Vice Mayor of Guangzhou
- In office July 1954 – May 1958

Personal details
- Born: October 1901 Jiaying Prefecture, Guangdong, China
- Died: November 2, 1989 (aged 88) Guangzhou, Guangdong, China
- Alma mater: Guangdong Law College

= Guo Qiaoran =

Chinese politician and educator (1901–1989)

Guo Qiaoran (郭翘然; October 1901 – November 2, 1989), also known as Guo Wen'en, was a Chinese politician, educator, and prominent patriotic democratic figure. He was an early participant in revolutionary movements in southern China and later became an active member of the China Democratic League and a close associate of the Chinese Communist Party.

== Early life and education ==

Guo Qiaoran was born on October 1, 1901 (lunar calendar), in Bingcun, Jiaying Prefecture (now Meixian District, Meizhou, Guangdong). He graduated from Meizhou Middle School in 1921 and subsequently worked as a teacher and principal at Peiji School in Jinpan, Meixian, for four years. He later graduated from Guangdong Law College in Guangzhou.

== Career ==
During the period of the Northern Expedition, Guo became involved in political activities. In 1925, when Ye Jianying served as county magistrate of Meixian, Guo was appointed an executive member of the Fourth District Party Headquarters of the Kuomintang. In 1926, he went to Guangzhou for further studies, where he came into contact with progressive intellectuals, including the Communist scholar Xiong Rui (熊锐). With Xiong's introduction, he was admitted to the Guangdong Judicial School.

Following the April 12 Incident in 1927, political repression intensified. Guo transferred to Guangzhou Law College and graduated in 1930. During his student years, he witnessed the Guangzhou Uprising, which had a profound influence on his political outlook. In 1929, he joined the Chinese Communist Party while in Hong Kong, but due to organizational disruptions, he lost contact with the party in 1930.

In the early 1930s, Guo participated in the Provisional Action Committee of the Kuomintang, founded by Deng Yanda, and became active in organizing youth movements and reading societies. After the Mukden Incident in 1931, he engaged in political work within Guangdong military units.

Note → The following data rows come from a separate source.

(* For any $C<\infty$, $$\mathbf P\Big(I^{[-n,n]\times\{0\}}_1\nsubseteq[-n-\log n,\,n+\log n]\times[0,\log n]\Big)<\frac{1}{n^{C}}$$ for all sufficiently large $n$.
   Context: $\mathbb{H}=\{(x_1,x_2)\in\mathbb{Z}^2:x_2\ge0\}$. To each directed nearest-neighbour edge $x\to y$ in $\mathbb{H}$ attach an independent Poisson process $N^{x\to y}$ of intensity $\max(\sqrt{x_2},1)$. For $x\in\mathbb{H}$ and $t\ge0$, $I^x_t$ is the set of $y\in\mathbb{H}$ such that there are a nearest-neighbour path $x=y_0,y_1,\dots,y_m=y$ in $\mathbb{H}$ ($m\ge0$) and times $0<s_1<\dots<s_m\le t$ with $N^{y_{i-1}\to y_i}$ having an arrival at time $s_i$ for each $i$. For $V\subset\mathbb{H}$, $I^V_t=\bigcup_{x\in V}I^x_t$ (this is the interface process started from $V$, in which each occupied site $x$ tries to occupy each neighbour at rate $\max(\sqrt{x_2},1)$). *)

From HB Require Import structures.
From mathcomp Require Import all_boot all_order all_algebra.
From mathcomp Require Import all_classical all_reals all_analysis.
Set Implicit Arguments. Unset Strict Implicit. Unset Printing Implicit Defensive.
Import Order.TTheory GRing.Theory Num.Theory.
Local Open Scope classical_set_scope.
Local Open Scope ring_scope.

Definition site := (int * int)%type.
Definition inH (x : site) : Prop := (0 <= x.2)%R.
Definition nn (x y : site) : Prop := (`|x.1 - y.1| + `|x.2 - y.2| = 1)%R.
Definition edgeH (x y : site) : Prop := inH x /\ inH y /\ nn x y.

Definition rate (R : realType) (x : site) : R := Num.max (Num.sqrt (x.2%:~R)) 1.

Definition poisson_pmf (R : realType) (mu : R) (k : nat) : R :=
  expR (- mu) * mu ^+ k / (k`!)%:R.

Definition npts (R : realType) (A : set R) (s t : R) (k : nat) : Prop :=
  exists l : seq R, uniq l /\ size l = k /\
    (forall u, (u \in l) <-> (A u /\ s < u /\ u <= t)).

(* A x y w : set of arrival times of the process N^{x->y} at sample point w.
   The family (N^{x->y}) over the directed edges of H is a family of
   independent Poisson processes with intensities rate x: for any finitely many
   (edge, interval) pairs, with intervals on a common edge pairwise disjoint,
   the joint law of the counts is the product of Poisson laws. *)
Definition indep_poisson_family (R : realType) (d : measure_display)
    (T : measurableType d) (P : probability T R)
    (A : site -> site -> T -> set R) : Prop :=
  forall (m : nat) (x y : 'I_m -> site) (s t : 'I_m -> R) (c : 'I_m -> nat),
    (forall i, edgeH (x i) (y i) /\ 0 <= s i /\ s i <= t i) ->
    (forall i j, i != j -> x i = x j -> y i = y j -> t i <= s j \/ t j <= s i) ->
    measurable [set w | forall i, npts (A (x i) (y i) w) (s i) (t i) (c i)] /\
    P [set w | forall i, npts (A (x i) (y i) w) (s i) (t i) (c i)] =
      (\prod_(i < m) poisson_pmf (rate R (x i) * (t i - s i)) (c i))%:E.

Inductive reach (R : realType) (T : Type) (A : site -> site -> T -> set R)
    (w : T) : site -> R -> site -> R -> Prop :=
  | reach_nil : forall x s t, reach A w x s x t
  | reach_step : forall x z y s u t,
      edgeH x z -> A x z w u -> s < u -> u <= t ->
      reach A w z u y t -> reach A w x s y t.

Definition I_proc (R : realType) (T : Type) (A : site -> site -> T -> set R)
    (w : T) (x : site) (t : R) : set site := [set y | reach A w x 0 y t].
Definition I_procV (R : realType) (T : Type) (A : site -> site -> T -> set R)
    (w : T) (V : set site) (t : R) : set site :=
  [set y | exists2 x, V x & I_proc A w x t y].

Definition segment0 (n : nat) : set site :=
  [set x | (- (n%:Z) <= x.1 <= n%:Z)%R /\ x.2 = 0%R].
Definition box (R : realType) (n : nat) : set site :=
  [set y | - (n%:R) - ln (n%:R) <= (y.1%:~R : R) <= n%:R + ln (n%:R) /\
           0 <= (y.2%:~R : R) <= ln (n%:R)].

(* If the interface started from [-n, n] x {0} leaves the box by time 1, then, after
   loop erasure, some self-avoiding path of K = floor (log n) steps in H starting on
   the segment has its edges ringing at increasing times in ]0, 1].  Record the start,
   the K directions and, for each step, the slot ]j/K, (j+1)/K] of its ringing time:
   the slots are nondecreasing, so there are at most (2n+1) 4^K 4^K such skeletons.
   The K edges of a skeleton are distinct and lie at height at most K, so by
   independence they all ring in their slots with probability at most (sqrt K / K)^K.
   The union bound gives (2n+1) (16 / sqrt K)^K, which is eventually below n^-C. *)

From Pilot Require Import Defs.
From HB Require Import structures.
From mathcomp Require Import all_boot all_order all_algebra.
From mathcomp Require Import all_classical all_reals all_analysis.
From mathcomp Require Import zify ring lra.
Set Implicit Arguments. Unset Strict Implicit. Unset Printing Implicit Defensive.
Import Order.TTheory GRing.Theory Num.Theory.
Local Open Scope classical_set_scope.
Local Open Scope ring_scope.

Definition site_add (x y : site) : site := (x.1 + y.1, x.2 + y.2).

Definition unit_step (k : 'I_4) : site :=
  match val k with 0 => (1, 0) | 1 => (-1, 0) | 2 => (0, 1) | _ => (0, -1) end.

Definition step_index (x y : site) : 'I_4 :=
  if y.1 == x.1 + 1 then inord 0 else if y.1 == x.1 - 1 then inord 1
  else if y.2 == x.2 + 1 then inord 2 else inord 3.

Lemma nn_step_index x y : nn x y -> y = site_add x (unit_step (step_index x y)).
Proof.
case: x y => [x1 x2] [y1 y2]; rewrite /nn /step_index /site_add /unit_step /= => xy.
by case: eqVneq => [|?]; [|case: eqVneq => [|?]; [|case: eqVneq => [|?]]];
  rewrite inordK //= => *; congr pair; lia.
Qed.

Lemma nn_unit_step x k : nn x (site_add x (unit_step k)).
Proof. by rewrite /nn /site_add /unit_step; case: k => [[|[|[|[|k]]]] ?] /=; lia. Qed.

Lemma unit_step_height k : (unit_step k).2 <= 1.
Proof. by case: k => [[|[|[|[|k]]]] ?]. Qed.

Fixpoint walk (x : site) (dir : nat -> 'I_4) (i : nat) : site :=
  if i is i'.+1 then site_add (walk x dir i') (unit_step (dir i')) else x.

Lemma walk_height x dir i : (walk x dir i).2 <= x.2 + i%:Z.
Proof.
elim: i => [|i IH] /=; first by rewrite addr0.
by have := unit_step_height (dir i); rewrite /site_add /=; lia.
Qed.

Section TimedPaths.
Variables (R : realType) (T : Type) (A : site -> site -> T -> set R) (w : T) (t : R).

Definition timed_step (p q : site * R) : Prop :=
  [/\ edgeH p.1 q.1, A p.1 q.1 w q.2, p.2 < q.2 & q.2 <= t].

Fixpoint timed_path (p : site * R) (l : seq (site * R)) : Prop :=
  if l is q :: l' then timed_step p q /\ timed_path q l' else True.

Lemma timed_path_cat p l1 l2 :
  timed_path p (l1 ++ l2) <-> timed_path p l1 /\ timed_path (last p l1) l2.
Proof.
elim: l1 p => [|q l1 IH] p /=; first by split=> // -[].
split=> [[pq /IH[ql1 ql2]] | [[pq ql1] ql2]] //.
by split=> //; apply/IH.
Qed.

Lemma timed_path_take p l i : timed_path p l -> timed_path p (take i l).
Proof. by rewrite -{1}(cat_take_drop i l) => /timed_path_cat[]. Qed.

Lemma timed_path_time p l : timed_path p l -> p.2 <= (last p l).2.
Proof.
elim: l p => [|q l IH] p /=; first by rewrite lexx.
by case=> -[_ _ pq _] /IH; apply/le_trans/ltW.
Qed.

Lemma timed_path_earlier x s s' l : s' <= s ->
  timed_path (x, s) l -> timed_path (x, s') l.
Proof.
case: l => [|q l] //= s's [[? ? sq ?] ?]; split=> //; split=> //.
exact: le_lt_trans sq.
Qed.

Lemma timed_pathP p l : timed_path p l ->
  forall i, (i < size l)%N -> timed_step (nth p (p :: l) i) (nth p (p :: l) i.+1).
Proof.
elim: l p => [|q l IH] p //= [pq ql] [|i] //=; rewrite ltnS => il.
have il' : (i < size (q :: l))%N by exact: ltnW.
by rewrite (set_nth_default q p il) (set_nth_default q p il'); apply: IH.
Qed.

Lemma timed_path_time_homo p l i i' : timed_path p l -> (i <= i' <= size l)%N ->
  (nth p (p :: l) i).2 <= (nth p (p :: l) i').2.
Proof.
move=> pl /andP[ii' i'l].
have homo : {in [pred j | (j <= size l)%N] &,
    {homo (fun j => (nth p (p :: l) j).2) : j j' / (j <= j')%N >-> j <= j'}}.
  apply: homo_leq_in lexx le_trans _ _ => [j j' _|j _]; rewrite !inE.
  - by move=> ? j'' ?; rewrite inE; lia.
  - by move=> jl; have [_ _ /ltW] := timed_pathP pl jl.
by apply: homo; rewrite ?inE //; apply: leq_trans i'l.
Qed.

Lemma timed_path_dist p l : timed_path p l ->
  `|(last p l).1.1 - p.1.1| + `|(last p l).1.2 - p.1.2| <= (size l)%:Z.
Proof.
elim: l p => [|q l IH] p /=; first by rewrite !subrr.
by case=> -[[_ [_ ]]]; rewrite /nn => ? _ _ _ /IH; lia.
Qed.

Lemma timed_path_inH p l : timed_path p l -> inH p.1 -> inH (last p l).1.
Proof. by elim: l p => [|q l IH] p //= [[[_ [qH _]] _ _ _] ql] _; apply: IH ql qH. Qed.

End TimedPaths.

(* Loop erasure: when the new first site reappears further along the path, the loop
   back to it is cut out; the arrivals that remain are then still later than [s]. *)
Lemma reach_self_avoiding (R : realType) (T : Type) (A : site -> site -> T -> set R) w
    x s y (t : R) : reach A w x s y t ->
  exists l, [/\ timed_path A w t (x, s) l, uniq (x :: map fst l) & last x (map fst l) = y].
Proof.
elim=> {x s y t} [x s t|x z y s u t xz Axz su ut _ [l [zl zl_uniq zl_y]]].
  by exists [::].
have [xl|xNl] := boolP (x \in z :: map fst l); last first.
  by exists ((z, u) :: l); split=> //=; rewrite xNl.
rewrite inE in xl; case/predU1P: xl => [->|xl].
  by exists l; split=> //; apply: timed_path_earlier (ltW su) zl.
pose i := index x (map fst l).
have il : (i < size l)%N by rewrite -(size_map fst) index_mem.
have xi : (nth (z, u) l i).1 = x by rewrite -(nth_map _ z) ?nth_index.
have /timed_path_cat[zl1 zl2] : timed_path A w t (z, u) (take i.+1 l ++ drop i.+1 l).
  by rewrite cat_take_drop.
have last1 : last (z, u) (take i.+1 l) = nth (z, u) l i.
  by rewrite (last_nth (z, u)) size_takel //= nth_take.
rewrite last1 [nth _ _ _]surjective_pairing xi in zl2.
have uv := timed_path_time zl1; rewrite last1 /= in uv.
have xdrop : x :: map fst (drop i.+1 l) = drop i (map fst l).
  by rewrite map_drop [in RHS](drop_nth z) ?size_map ?nth_index.
exists (drop i.+1 l); split.
- exact: timed_path_earlier (ltW (lt_le_trans su uv)) zl2.
- by rewrite xdrop; apply: drop_uniq; case/andP: zl_uniq.
- rewrite -zl_y -[in RHS](cat_take_drop i.+1 l) map_cat last_cat.
  by rewrite (last_map fst _ (z, u)) last1 xi.
Qed.

Lemma near_segment_in_box (R : realType) (n k : nat) (x y : site) :
  segment0 n x -> inH y -> `|y.1 - x.1| + `|y.2 - x.2| <= k%:Z ->
  (k%:R : R) <= ln n%:R -> box R n y.
Proof.
case=> /andP[x1_ge x1_le] x2_0 y2_ge xy kn.
(* Restated so that lia recognises the comparisons coming from [segment0] and [inH]. *)
have {x1_ge x1_le x2_0 y2_ge} [x1_ge x1_le x2_0 y2_ge] :
  [/\ - n%:Z <= x.1, x.1 <= n%:Z, x.2 = 0 & 0 <= y.2] by [].
have k_ge : (0 : R) <= k%:R := ler0n R k.
have y1_ge : (- n%:Z - k%:Z)%:~R <= y.1%:~R :> R by rewrite ler_int; lia.
have y1_le : y.1%:~R <= (n%:Z + k%:Z)%:~R :> R by rewrite ler_int; lia.
have y2_le : y.2%:~R <= k%:Z%:~R :> R by rewrite ler_int; lia.
have y2_ge_R : 0 <= y.2%:~R :> R by rewrite ler0z.
rewrite intrB intrN in y1_ge; rewrite intrD in y1_le.
by split; apply/andP; split; lra.
Qed.

Section Slots.
Variables (R : realType) (k : nat).
Local Notation K := k.+1.

Definition slot_lo (j : 'I_K) : R := j%:R / K%:R.
Definition slot_hi (j : 'I_K) : R := j.+1%:R / K%:R.

Definition slot (u : R) : 'I_K := inord (absz (Num.ceil (u * K%:R))).-1.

During the Second Sino-Japanese War, Guo served as political director of the 158th Division. He later held positions such as chief secretary of the Political Commissioner’s Office of the Twelfth Army Group and head of the First Section of the Political Department of the Seventh War Zone. Due to his opposition to political persecution within the military, he resigned in 1941.

In 1944, Guo joined the China Democratic League and became an important organizer in South China. In January 1945, he was elected as a member of the league's central committee at a preparatory meeting held in Meizhou. After the war, he served as a member of the League’s South China General Branch and its Guangdong Provincial Branch. During the Chinese Civil War, he was active in democratic movements in Hong Kong and supported efforts to establish armed resistance forces in eastern Guangdong.

After the founding of the People's Republic of China in 1949, Guo held a number of important public offices. He served as vice chairman of the Guangzhou People’s Consultative Conference, a council member of the Chinese People's Institute of Foreign Affairs, and vice mayor of Guangzhou from 1954 to 1958. He was also a member of the Chinese People's Political Consultative Conference and later served as vice chairman of the Guangdong Provincial Committee of the CPPCC. In addition, he held positions within the China Democratic League, including member of its Central Committee and Standing Committee.

== Later life and death ==
During the Anti-Rightist Campaign in 1957, Guo was wrongly labeled a "rightist." He was politically rehabilitated in 1980 and his reputation was officially restored. Guo Qiaoran died in Guangzhou on November 2, 1989, at the age of 88.